Neonatal surgery: fixing congenital abnormalities

Written by: Mr Stefano Giuliani
Published: | Updated: 05/10/2023
Edited by: Bronwen Griffiths

Newborns need surgery when they are born with congenital abnormalities. This means that some organs did not form in the right way before birth and there is a need to perform neonatal surgery to correct the anatomy to allow that organ to function properly. Mr Stefano Giuliani, an expert neonatal surgeon, explains why some newborn babies require surgery after birth.

Illustration of newborn baby with a congenital abnormality

What are the most common reasons a newborn might need surgery?

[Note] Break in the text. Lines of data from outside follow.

Definition is_cokernel {K A Q : C} (k : Hom K A) (q : Hom A Q) : Prop :=
  is_zero_map (q ∘ k) /\
  forall (T : C) (t : Hom A T), is_zero_map (t ∘ k) ->
    exists u : Hom Q T, u ∘ q = t /\ forall v : Hom Q T, v ∘ q = t -> v = u.

Definition is_normal_epi {A B : C} (f : Hom A B) : Prop :=
  exists (K : C) (k : Hom K A), is_cokernel k f.

Definition has_finite_limits : Prop :=
  (exists T : C, is_terminal T) /\
  forall (A B S : C) (f : Hom A S) (g : Hom B S),
    exists (P : C) (p1 : Hom P A) (p2 : Hom P B), is_pullback f g p1 p2.

Definition has_finite_colimits : Prop :=
  (exists I : C, is_initial I) /\
  (forall A B : C, exists (S : C) (i1 : Hom A S) (i2 : Hom B S),
      is_coproduct2 i1 i2) /\
  (forall (K A : C) (g h : Hom K A),
      exists (Q : C) (q : Hom A Q), is_coequalizer g h q).

Definition is_pointed : Prop := exists Z : C, is_zero_obj Z.

Definition is_regular : Prop :=
  has_finite_limits /\
  (forall (A B K : C) (f : Hom A B) (k1 k2 : Hom K A),
      is_kernel_pair f k1 k2 ->
      exists (Q : C) (q : Hom A Q), is_coequalizer k1 k2 q) /\
  (forall (A B D P : C) (f : Hom A B) (g : Hom D B)
          (p1 : Hom P A) (p2 : Hom P D),
      is_pullback f g p1 p2 -> is_regular_epi g -> is_regular_epi p1).

Definition jointly_monic {R X Y : C} (r1 : Hom R X) (r2 : Hom R Y) : Prop :=
  forall (T : C) (u v : Hom T R), r1 ∘ u = r1 ∘ v -> r2 ∘ u = r2 ∘ v -> u = v.

Definition is_reflexive_rel {R X : C} (r1 r2 : Hom R X) : Prop :=
  exists d : Hom X R, r1 ∘ d = idm X /\ r2 ∘ d = idm X.

Definition is_symmetric_rel {R X : C} (r1 r2 : Hom R X) : Prop :=
  exists s : Hom R R, r1 ∘ s = r2 /\ r2 ∘ s = r1.

Definition is_transitive_rel {R X : C} (r1 r2 : Hom R X) : Prop :=
  forall (P : C) (p q : Hom P R), is_pullback r2 r1 p q ->
    exists t : Hom P R, r1 ∘ t = r1 ∘ p /\ r2 ∘ t = r2 ∘ q.

Definition is_equivalence_rel {R X : C} (r1 r2 : Hom R X) : Prop :=
  is_reflexive_rel r1 r2 /\ is_symmetric_rel r1 r2 /\ is_transitive_rel r1 r2.

Definition is_maltsev : Prop :=
  has_finite_limits /\
  forall (R X : C) (r1 r2 : Hom R X),
    jointly_monic r1 r2 -> is_reflexive_rel r1 r2 -> is_equivalence_rel r1 r2.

The most common conditions requiring surgery in the neonatal period are:

  • Oesophageal atresia - the upper part of the oesophagus connects to a small pouch instead of the lower oesophagus and stomach
  • Congenital diaphragmatic hernia - failure of the diaphragm muscle to close during development, causing contents from the abdomen to move up into the chest cavity
  • Gastroschisis - abnormality of the abdominal wall in which the intestines are found outside the baby’s body
  • Omphalocele - a hole in the belly button causes abdominal organs to end up outside their body
  • Imperforate anus - the opening of the anus is missing or blocked
  • Hirschsprung’s disease - an intestinal blockage caused by the lack of movements in the last portion of the bowel
  • Intestinal atresia - blockage or obstruction in the intestine
  • Intestinal perforation - a hole or rupture in the intestines
  • Inguinal hernia - when abdominal organs come through the inguinal ring in the groin due to its failure to close properly during development
  • Hypertrophic pyloric stenosis - the acquired thickening of the valve at the end of the stomach causing projectile vomiting

 

 

What are the risk factors? Are premature babies more likely to need surgery?

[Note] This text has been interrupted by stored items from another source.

(** * The total derivative at a point where every reaction monomial vanishes *)

Definition reaction_dot n (r : reaction) (v : nat -> R) : R :=
  lsum (fun i => (INR (r_tgt r i) - INR (r_src r i)) * v i) (seq 0 n).

Lemma lsum_cplx1 n u v : (u < n)%nat -> lsum (fun i => INR (cplx1 u i) * v i) (seq 0 n) = v u.
Proof.
  intros Hu. rewrite (lsum_seq_single _ 0 n u); [| lia |].
  - unfold cplx1; rewrite Nat.eqb_refl; simpl; ring.
  - intros i _ Hi. unfold cplx1. apply Nat.eqb_neq in Hi. rewrite Hi. simpl; ring.
Qed.

Lemma lsum_cplx2 n a b v : (a < n)%nat -> (b < n)%nat ->
  lsum (fun i => INR (cplx2 a b i) * v i) (seq 0 n) = v a + v b.
Proof.
  intros Ha Hb. rewrite <- (lsum_cplx1 n a v), <- (lsum_cplx1 n b v), <- lsum_plus by auto.
  apply lsum_ext_in; intros i _. unfold cplx2, cplx1. rewrite plus_INR. ring.
Qed.

Lemma reaction_dot_split n r v : reaction_dot n r v =
  lsum (fun i => INR (r_tgt r i) * v i) (seq 0 n) - lsum (fun i => INR (r_src r i) * v i) (seq 0 n).
Proof. unfold reaction_dot. rewrite <- lsum_minus. apply lsum_ext_in; intros; ring. Qed.

Lemma reaction_dot_bind n a b u rate v : (a < n)%nat -> (b < n)%nat -> (u < n)%nat ->
  reaction_dot n (mkReaction (cplx2 a b) (cplx1 u) rate) v = v u - v a - v b.
Proof.
  intros. rewrite reaction_dot_split. simpl.
  rewrite lsum_cplx1, lsum_cplx2 by auto. ring.
Qed.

In general, consanguinity (blood relation) is the main risk factor for congenital abnormalities. This happens when the mother and father are related. Other risk factors, such as smoking and drug use during pregnancy, are associated with gastroschisis. Premature babies are at risk of developing an acute inflammation of their intestine (necrotising enterocolitis) that can require an operation, and, they also have a high incidence of inguinal hernias.

 

 

Is surgery always an emergency, or is it sometimes better to wait?

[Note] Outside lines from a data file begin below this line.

(* Let $k \ge 1$ be an integer. Let $P_1$ and $P_2$ be disjoint piles of coins, each of size $2^k$, and suppose exactly one coin of $P_1$ and exactly one coin of $P_2$ are counterfeit (all other coins genuine). Then there is an adaptive strategy using at most $k+1$ weighings on a 5-way scale (using only coins of $P_1 \cup P_2$) that determines both counterfeit coins.
   Context: Coins look identical; all genuine coins have one common weight, all counterfeit coins have one common weight strictly less than the genuine weight. A weighing places two disjoint sets of coins of equal cardinality on the left and right pans. Let $d$ = (number of counterfeit coins on the left pan) $-$ (number of counterfeit coins on the right pan). A 5-way scale reports MUCH LESS if $d \ge 2$, LESS if $d = 1$, EQUAL if $d = 0$, MORE if $d = -1$, MUCH MORE if $d \le -2$. A strategy chooses each weighing possibly depending on previous outcomes; it determines the counterfeit coins if the sequence of outcomes uniquely identifies them. *)

From HB Require Import structures.
From mathcomp Require Import all_boot all_order all_algebra.
Set Implicit Arguments. Unset Strict Implicit. Unset Printing Implicit Defensive.
Import Order.TTheory GRing.Theory Num.Theory.

Inductive outcome := MuchLess | Less | Equal | More | MuchMore.

Section Coins.
Variable T : finType.

Definition diff_cf (L R C : {set T}) : int :=
  (#|L :&: C|%:Z - #|R :&: C|%:Z)%R.

Definition scale (L R C : {set T}) : outcome :=
  let d := diff_cf L R C in
  if (2 <= d)%R then MuchLess
  else if d == 1%R then Less
  else if d == 0%R then Equal
  else if d == (-1)%R then More
  else MuchMore.

Definition valid_weighing (L R : {set T}) : bool :=
  [disjoint L & R] && (#|L| == #|R|).

Inductive strategy :=
  | Stop
  | Weigh (L R : {set T}) (next : outcome -> strategy).

Fixpoint valid_strategy (s : strategy) : Prop :=
  match s with
  | Stop => True
  | Weigh L R nx => valid_weighing L R /\
      forall o, valid_strategy (nx o)
  end.

Fixpoint depth (s : strategy) : nat :=
  match s with
  | Stop => 0
  | Weigh _ _ nx => (maxn (depth (nx MuchLess)) (maxn (depth (nx Less))
        (maxn (depth (nx Equal)) (maxn (depth (nx More)) (depth (nx MuchMore)))))).+1
  end.

Fixpoint run (s : strategy) (C : {set T}) : seq outcome :=
  match s with
  | Stop => [::]
  | Weigh L R nx => let o := scale L R C in o :: run (nx o) C
  end.

Definition determines (adm : {set T} -> Prop) (s : strategy) : Prop :=
  forall C1 C2, adm C1 -> adm C2 -> run s C1 = run s C2 -> C1 = C2.

End Coins.

(* Coins of P1 are inl i, coins of P2 are inr j, with i, j : 'I_(2^k). *)
Definition coins (k : nat) : finType := ('I_(2 ^ k) + 'I_(2 ^ k))%type.

Definition one_in_each (k : nat) (C : {set coins k}) : Prop :=
  exists (i j : 'I_(2 ^ k)), C = [set inl i; inr j].

From HB Require Import structures.
From mathcomp Require Import all_boot all_order all_algebra zify.
Set Implicit Arguments. Unset Strict Implicit. Unset Printing Implicit Defensive.
Import Order.TTheory GRing.Theory Num.Theory.

(* Two counterfeits, one in each pile of 2^k coins, are found NON-adaptively
   with k + 1 weighings.  Number the coins of each pile in binary with k bits
   and write b_t(x) for bit t of coin x.  Weighing 0 puts every coin x of P1
   on the side given by its sign bit b_0(x); weighing t = 1..k puts coin x of
   P1 on side b_0(x) exactly when b_t(x) = 1, and every coin y of P2 on the
   side given by b_(t-1)(y).
   Since at most two counterfeits are involved, the difference d never leaves
   [-2, 2], where the 5-way scale reports d exactly.  Weighing 0 reveals the
   sign bit of the counterfeit of P1; each later weighing then yields
   d = ±[b_t(x)] ± 1 whose parity separates b_t(x) from b_(t-1)(y) (bits
   beyond k - 1 are 0, so weighing k involves P2 only). *)

Section ScaleReading.
Local Open Scope ring_scope.

Definition outcome_of (d : int) : outcome :=
  if 2 <= d then MuchLess else if d == 1 then Less else if d == 0 then Equal
  else if d == -1 then More else MuchMore.

Lemma scaleE (T : finType) (L R C : {set T}) :
  scale L R C = outcome_of (diff_cf L R C).
Proof. by []. Qed.

Lemma outcome_inj (d1 d2 : int) : `|d1| <= 2 -> `|d2| <= 2 ->
  outcome_of d1 = outcome_of d2 -> d1 = d2.
Proof.
rewrite /outcome_of !ler_norml => /andP[? ?] /andP[? ?].
by do ![case: ifP => /eqP ? || case: ifP => ?] => //; lia.
Qed.
End ScaleReading.

Section Pans.
Local Open Scope ring_scope.
Variable T : finType.
Implicit Types (pan : T -> option bool) (C : {set T}).

Definition left_pan pan : {set T} := [set c | pan c == Some true].
Definition right_pan pan : {set T} := [set c | pan c == Some false].

Definition weight (p : option bool) : int :=
  match p with Some true => 1 | Some false => -1 | None => 0 end.

Lemma weight_norm p : `|weight p| <= 1.
Proof. by case: p => [[]|]. Qed.

Lemma card_meet_sum (A C : {set T}) : #|A :&: C|%:Z = \sum_(c in C) (c \in A)%:Z.
Proof.
rewrite -sum1_card -natz natr_sum big_mkcond [RHS]big_mkcond /=.
by apply: eq_bigr => c _; rewrite !inE; case: (c \in A); case: (c \in C).
Qed.

Lemma diff_cf_pans pan C :
  diff_cf (left_pan pan) (right_pan pan) C = \sum_(c in C) weight (pan c).
Proof.
rewrite /diff_cf !card_meet_sum -sumrB; apply: eq_bigr => c _.
by rewrite !inE; case: (pan c) => [[]|].
Qed.

Lemma diff_cf_pair pan a b : a != b ->
  diff_cf (left_pan pan) (right_pan pan) [set a; b] = weight (pan a) + weight (pan b).
Proof. by move=> ab; rewrite diff_cf_pans big_setU1 ?big_set1 // inE. Qed.

Lemma scale_pair pan (a1 b1 a2 b2 : T) : a1 != b1 -> a2 != b2 ->
  scale (left_pan pan) (right_pan pan) [set a1; b1] =
  scale (left_pan pan) (right_pan pan) [set a2; b2] ->
  weight (pan a1) + weight (pan b1) = weight (pan a2) + weight (pan b2).
Proof.
have norm2 a b : `|weight (pan a) + weight (pan b)| <= 2.
  by apply: le_trans (ler_normD _ _) _; rewrite (lerD (weight_norm _) (weight_norm _)).
by move=> ab1 ab2; rewrite !scaleE !diff_cf_pair //; apply: outcome_inj.
Qed.

Lemma valid_pans pan (f : T -> T) : involutive f ->
  (forall c, pan (f c) = omap negb (pan c)) ->
  valid_weighing (left_pan pan) (right_pan pan).
Proof.
move=> fK pan_f; apply/andP; split.
  by rewrite disjoint_subset; apply/subsetP => c; rewrite !inE => /eqP->.
have -> : right_pan pan = f @: left_pan pan.
  apply/setP => c; rewrite -[in RHS](fK c) mem_imset ?inE ?pan_f; last exact: inv_inj.
  by case: (pan c) => [[]|].
by rewrite card_imset //; exact: inv_inj.
Qed.
End Pans.

Section Oblivious.
Variable T : finType.
Implicit Types (ws : seq ({set T} * {set T})) (C : {set T}).

Definition oblivious ws : strategy T :=
  foldr (fun w s => Weigh w.1 w.2 (fun=> s)) (Stop T) ws.

Lemma valid_oblivious ws : all (fun w => valid_weighing w.1 w.2) ws ->
  valid_strategy (oblivious ws).
Proof. by elim: ws => [|w ws IH] //= /andP[valid_w /IH]; split. Qed.

Lemma depth_oblivious ws : depth (oblivious ws) = size ws.
Proof. by elim: ws => [|w ws IH] //=; rewrite IH !maxnn. Qed.

Lemma run_oblivious ws C : run (oblivious ws) C = [seq scale w.1 w.2 C | w <- ws].
Proof. by elim: ws => [|w ws IH] //=; rewrite IH. Qed.
End Oblivious.

Section BinaryCode.
Variable n : nat.
Implicit Types (x y : 'I_(2 ^ n)) (f : {ffun 'I_n -> bool}).

Lemma card_codes : #|{ffun 'I_n -> bool}| = 2 ^ n.
Proof. by rewrite card_ffun card_bool card_ord. Qed.

Definition code x : {ffun 'I_n -> bool} := enum_val (cast_ord (esym card_codes) x).
Definition decode f : 'I_(2 ^ n) := cast_ord card_codes (enum_rank f).

Lemma codeK : cancel code decode.
Proof. by move=> x; rewrite /code /decode enum_valK cast_ordKV. Qed.

Lemma decodeK : cancel decode code.
Proof. by move=> f; rewrite /code /decode cast_ordK enum_rankK. Qed.

(* Bit t of x, taken to be 0 for t >= n. *)
Definition bit x (t : nat) : bool := if insub t is Some u then code x u else false.

Lemma bit_inj x y : (forall t, t < n -> bit x t = bit y t) -> x = y.
Proof.
move=> same; apply: (can_inj codeK); apply/ffunP => u.
by have := same u (ltn_ord u); rewrite /bit valK.
Qed.

Definition flip (u : nat) x : 'I_(2 ^ n) :=
  decode [ffun v : 'I_n => (val v == u) (+) code x v].

Lemma flipK u : involutive (flip u).
Proof.
move=> x; rewrite /flip decodeK -[RHS]codeK; congr decode.
by apply/ffunP => v; rewrite !ffunE addbA addbb.
Qed.

Lemma bit_flip u x t : u < n -> bit (flip u x) t = (t == u) (+) bit x t.
Proof.
move=> un; rewrite /bit; case: insubP => [v _ <-|]; first by rewrite decodeK ffunE.
by rewrite addbF => tn; apply/esym/negbTE; apply: contra tn => /eqP->.
Qed.
End BinaryCode.

Section Schedule.
Local Open Scope ring_scope.
Variable n : nat.
Implicit Types (x y : 'I_(2 ^ n)%N) (c : coins n).

Definition pan_at (t : nat) c : option bool :=
  match c with
  | inl x => if (t == 0)%N || bit x t then Some (bit x 0) else None
  | inr y => if t is s.+1 then Some (bit y s) else None
  end.

Definition schedule : seq ({set coins n} * {set coins n}) :=
  [seq (left_pan (pan_at t), right_pan (pan_at t)) | t <- iota 0 n.+1].

Definition mirror (t : nat) c : coins n :=
  match c with inl x => inl (flip 0 x) | inr y => inr (flip t.-1 y) end.

Lemma mirrorK t : involutive (mirror t).
Proof. by case=> z /=; rewrite flipK. Qed.

Lemma pan_at_mirror t c : (0 < n)%N -> (t <= n)%N ->
  pan_at t (mirror t c) = omap negb (pan_at t c).
Proof.
move=> n_gt0 tn; case: c => [x|y] /=.
  by rewrite !bit_flip // eqxx /=; case: eqP => [->|_] //=; case: (bit x t).
by case: t tn => [|s] //= sn; rewrite bit_flip // eqxx.
Qed.

Lemma valid_schedule : (0 < n)%N -> all (fun w => valid_weighing w.1 w.2) schedule.
Proof.
move=> n_gt0; apply/allP => w /mapP[t]; rewrite mem_iota ltnS => /andP[_ tn] -> /=.
exact: valid_pans (mirrorK t) (fun c => pan_at_mirror c n_gt0 tn).
Qed.

Lemma schedule_weights x1 y1 x2 y2 :
  run (oblivious schedule) [set inl x1; inr y1] =
  run (oblivious schedule) [set inl x2; inr y2] ->
  forall t, (t <= n)%N ->
  weight (pan_at t (inl x1)) + weight (pan_at t (inr y1)) =
  weight (pan_at t (inl x2)) + weight (pan_at t (inr y2)).
Proof.
rewrite !run_oblivious -!map_comp => /eq_in_map same t tn.
by apply: scale_pair => //; apply: same; rewrite mem_iota ltnS.
Qed.

(* Parity decoding: once the sign s is known, a weight (a ? s) plus a weight
   ±1 determines both a and the ±1. *)
Lemma weight_step s a1 a2 b1 b2 :
  weight (if a1 then Some s else None) + weight (Some b1) =
  weight (if a2 then Some s else None) + weight (Some b2) -> a1 = a2 /\ b1 = b2.
Proof. by case: s a1 a2 b1 b2 => [] [] [] [] []. Qed.

Lemma schedule_determines : determines (@one_in_each n) (oblivious schedule).
Proof.
move=> _ _ [x1 [y1 ->]] [x2 [y2 ->]] /schedule_weights same.
have sign : bit x1 0 = bit x2 0.
  by have := same 0 (leq0n n); rewrite /= !addr0; case: (bit x1 0); case: (bit x2 0).
have step t : (t < n)%N -> bit x1 t.+1 = bit x2 t.+1 /\ bit y1 t = bit y2 t.
  by move=> tn; have := same t.+1 tn; rewrite /= sign => /weight_step.
have -> : x1 = x2 by apply: bit_inj => -[|t] // /ltnW /step[].
by have -> : y1 = y2 by apply: bit_inj => t /step[].
Qed.
End Schedule.

Theorem mainTheorem5 (k : nat) (hk : 1 <= k) :
  exists s : strategy (coins k),
    [/\ valid_strategy s, depth s <= k.+1 & determines (@one_in_each k) s].
Proof.
exists (oblivious (schedule k)); split.
- exact/valid_oblivious/(valid_schedule hk).
- by rewrite depth_oblivious size_map size_iota.
- exact: schedule_determines.
Qed.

Surgery is not always an emergency. There are congenital abnormalities that require an operation within the first 24 hours of life (oesophageal atresia, gastroschisis, intestinal atresia etc.). For other conditions, it is possible to wait and see if the baby can get better without an operation (i.e. early stage necrotising enterocolitis).

 

 

Can any procedures be carried out before birth?

There are exciting advances in the field of foetal surgery. It's now possible to help babies affected by congenital diaphragmatic hernias by placing a small balloon in their windpipe when they are still in the womb. This balloon helps the lungs to develop and to function better after birth. Other common prenatal interventions are:

  • drainage of abdominal and thoracic cysts; 
  • ligation of abnormal blood vessels and;
  • amniotic bands.

 

 

 

Arrange an appointment with Mr Giuliani to address any concerns you have about congenital abnormalities and neonatal surgery via his Top Doctors profile.  

By Mr Stefano Giuliani
Paediatric surgery

Mr Stefano Giuliani is one of London's leading paediatric surgeons working at Great Ormond Street Hospital for Children. He is an expert in neonatal, gastrointestinal, oncologic and minimally invasive surgery for children.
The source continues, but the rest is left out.